All the three industrial colonies possess good urban utility infrastructure at par any industrial colonies having clubs (BVFCL Officers' Club, APL Club, BVFCL Workers Club, NTPS Club), stadium, sports fields, parks etc.; although the town does not have an integrated utility system. BVFC ltd. has a water treatment plant serving its population. Sanitation in the town is mostly septic tank based and the waste treatment is not comprehensive and up to the mark.

Public transport system within the town is mostly based on electric rickshaws. Electric rickshaws are convenient and non-polluting and are suitable as per the requirements of population and size of the town. Individual motorbikes, cycles and four-wheelers are popular among the residents. For inter-regional and inter-city transportation, the town has an ASTC (Assam State Transport Corporation) bus stand. But the most important inter-city and regional linkages are supported by the numerous private buses linking almost all the cities and towns in Upper and Central Assam and also with Guwahati. Namrup rail station in the Dibrugarh-Tinicukeeya (Tinsukia)-Guwahati main line is a stop for a few regional and also long-distance trains.

==Education==
=== School ===

- ASEB High School, Namrup
- BVFC Model H.S School
- BVFC HS School
- Kendriya Vidyalaya
- Behive Axom Public School
- Gurutol School, Namrup

=== College ===

- Namrup College
- National Institute Of Fire & Safety Engineering Guwahati Assam
- Namrup College of Teacher Education(CTE Namrup)

== Places of interest ==
Namrup is a place with three major industries viz. The B.V.F.C.L, the APL and the thermal power project.

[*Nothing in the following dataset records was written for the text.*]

Lemma tab_le_lob_tableau b w w' : lob_tableau b w -> lob_tableau b w' ->
  tab_le w w' <-> sub_interval (claws b w) (claws b w').
Proof.
move=> w_tab w'_tab.
rewrite -{1}(clawsK w_tab) -{1}(clawsK w'_tab).
exact: tab_le_tableau_of_claws (claws_pos_root w_tab) (claws_pos_root w'_tab).
Qed.

Lemma lob_tableau_iso_pos_roots b :
  order_iso (lob_tableau b) tab_le (is_pos_root b.+2) sub_interval.
Proof.
exists (claws b); split; [exact: claws_pos_root | split; [|split]].
- by move=> w w' w_tab w'_tab; apply: lob_tableau_claws_inj.
- move=> [i j] ij_root; exists (tableau_of_claws b (i, j)); last exact: tableau_of_clawsK.
  exact: lob_tableau_of_claws.
- exact: tab_le_lob_tableau.
Qed.

Lemma minimal_lob_tableau b w : minimal (lob_tableau b) tab_le w <->
  lob_tableau b w /\ top_entry b w = (bot_entry b w).+1.
Proof.
split=> [[w_tab w_min] | [w_tab top_w]].
  split=> //; have [/= bot_lt top_le] := claws_pos_root w_tab.
  case: (eqVneq (top_entry b w) (bot_entry b w).+1) => // top_ne.
  have p_root : is_pos_root b.+2 ((bot_entry b w).+1, top_entry b w) by split=> /=; lia.
  have p_tab := lob_tableau_of_claws p_root.
  have le_w : tab_le (tableau_of_claws b ((bot_entry b w).+1, top_entry b w)) w.
    by apply/(tab_le_lob_tableau p_tab w_tab); rewrite tableau_of_clawsK //; split=> /=.
  have := congr1 (bot_entry b) (w_min _ p_tab le_w).
  by rewrite [LHS](congr1 fst (tableau_of_clawsK p_root)) /=; lia.
split=> // y y_tab /(tab_le_lob_tableau y_tab w_tab) [/= le_bot le_top].
have [/= ? ?] := claws_pos_root y_tab.
by apply: lob_tableau_claws_inj y_tab w_tab _; rewrite /claws; congr pair; lia.
Qed.

Lemma lob_inv_adjacent b w : lob_tableau b w -> top_entry b w = (bot_entry b w).+1 ->
  lob_inv b.+2 w = 'C(b, 2) + b.+1.
Proof.
move=> w_tab top_w; rewrite /lob_inv !subSS subn0 /inv_tab /reading_word reading_cells_lob.
rewrite map_cons map_cat map_rev /= -/(top_entry b w) -/(bot_entry b w) -/(body_entries b w).
set D := rev (body_entries b w).
have size_D : size D = b by rewrite size_rev size_map size_map size_iota.
have count_D :
    count (fun y => y < (bot_entry b w).+1) D + count (fun y => bot_entry b w < y) D = size D.
  rewrite -(count_predC (fun y => y < (bot_entry b w).+1)); congr addn.
  by apply: eq_count => y /=; rewrite ltnS ltnNge.
rewrite top_w inversions_cons count_cat [count _ [:: _]]/= ltnSn cats1 inversions_rcons.
rewrite inversions_sorted_gt ?rev_sorted ?sorted_body_entries // size_D; lia.
Qed.

Lemma lob_tableau_enum b (P : nat * nat -> Prop) s : uniq s ->
    (forall p, p \in s <-> is_pos_root b.+2 p /\ P p) ->
  uniq [seq tableau_of_claws b p | p <- s] /\
  (forall w, w \in [seq tableau_of_claws b p | p <- s] <-> lob_tableau b w /\ P (claws b w)).
Proof.
move=> s_uniq s_mem; split.
  rewrite map_inj_in_uniq // => -[i j] [i' j'] /s_mem [ij_root _] /s_mem [ij'_root _] E.
  by rewrite -(tableau_of_clawsK ij_root) E tableau_of_clawsK.
move=> w; split=> [/mapP [[i j] /s_mem [ij_root Pij] ->] | [w_tab Pw]].
  by rewrite tableau_of_clawsK //; split=> //; exact: lob_tableau_of_claws.
apply/mapP; exists (claws b w); last by rewrite clawsK.
by apply/s_mem; split=> //; exact: claws_pos_root.
Qed.

(* [b.+2 - 2] does not reduce to [b], so [lobSET], [is_M] and [lob_inv] must be rewritten. *)
Lemma lobSET_lob_tableau b : lobSET b.+2 = lob_tableau b.
Proof. by rewrite /lobSET !subSS subn0. Qed.

Lemma is_M_lob_tableau b j i w :
  is_M b.+2 j i w <-> [/\ lob_tableau b w, top_entry b w = j & bot_entry b w = i].
Proof. by rewrite /is_M lobSET_lob_tableau !subSS subn0; split=> [[? [? ?]] | [? ? ?]]. Qed.

Lemma is_M_unique b i j : is_pos_root b.+2 (i, j) -> exists! w, is_M b.+2 j i w.
Proof.
move=> ij_root; exists (tableau_of_claws b (i, j)); split.
  apply/is_M_lob_tableau; case: (tableau_of_clawsK ij_root) => -> ->.
  by split=> //; exact: lob_tableau_of_claws.
by move=> w /is_M_lob_tableau [w_tab top_w bot_w]; rewrite -(clawsK w_tab) /claws top_w bot_w.
Qed.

The Dillighat in Namrup is a picnic spot in Upper Assam. During the winter and mostly during the New Year's Day Dillighat becomes a busy picnic spot, along with the jackwell situated near the BVFCL factory is a tourist attraction of this area. Clean water, river-bed rocks, green canopy of forests and tea gardens are attractions in Dillighat. Dillighat is situated on the banks of river dilli or disang (a tributary of mighty Luit or Brahmaputra) in Namrup and Borhat (a place adjoining to Namrup in Sivasagar District).

Other places of interest within the town include the Namrup Bagan, the ASEB-(world’s largest baseload turbine station) colony, Kheremeeya Village, Dilli Dowania Gaon, Rangagoraah, Dillighat, Naliapool, Jackwell, waterfalls in patkai range, railway station, and gandhi maidan.

Moreover, Namrup is centrally and closely located to several other attractions such as the Joy-Dihing Rainforest (10–15 km north), Coraideu - the ancient capital (25 km south-east), Tai-Phake village with traditional unique phake-life (13–14 km north). Moreover, it is closely located to many beautiful places in Arunachal Pradesh such as Deomali( a riverside picnic spot), Miao (picnic spot), Namdapha National Park, Khunsa (a small hill-town), etc.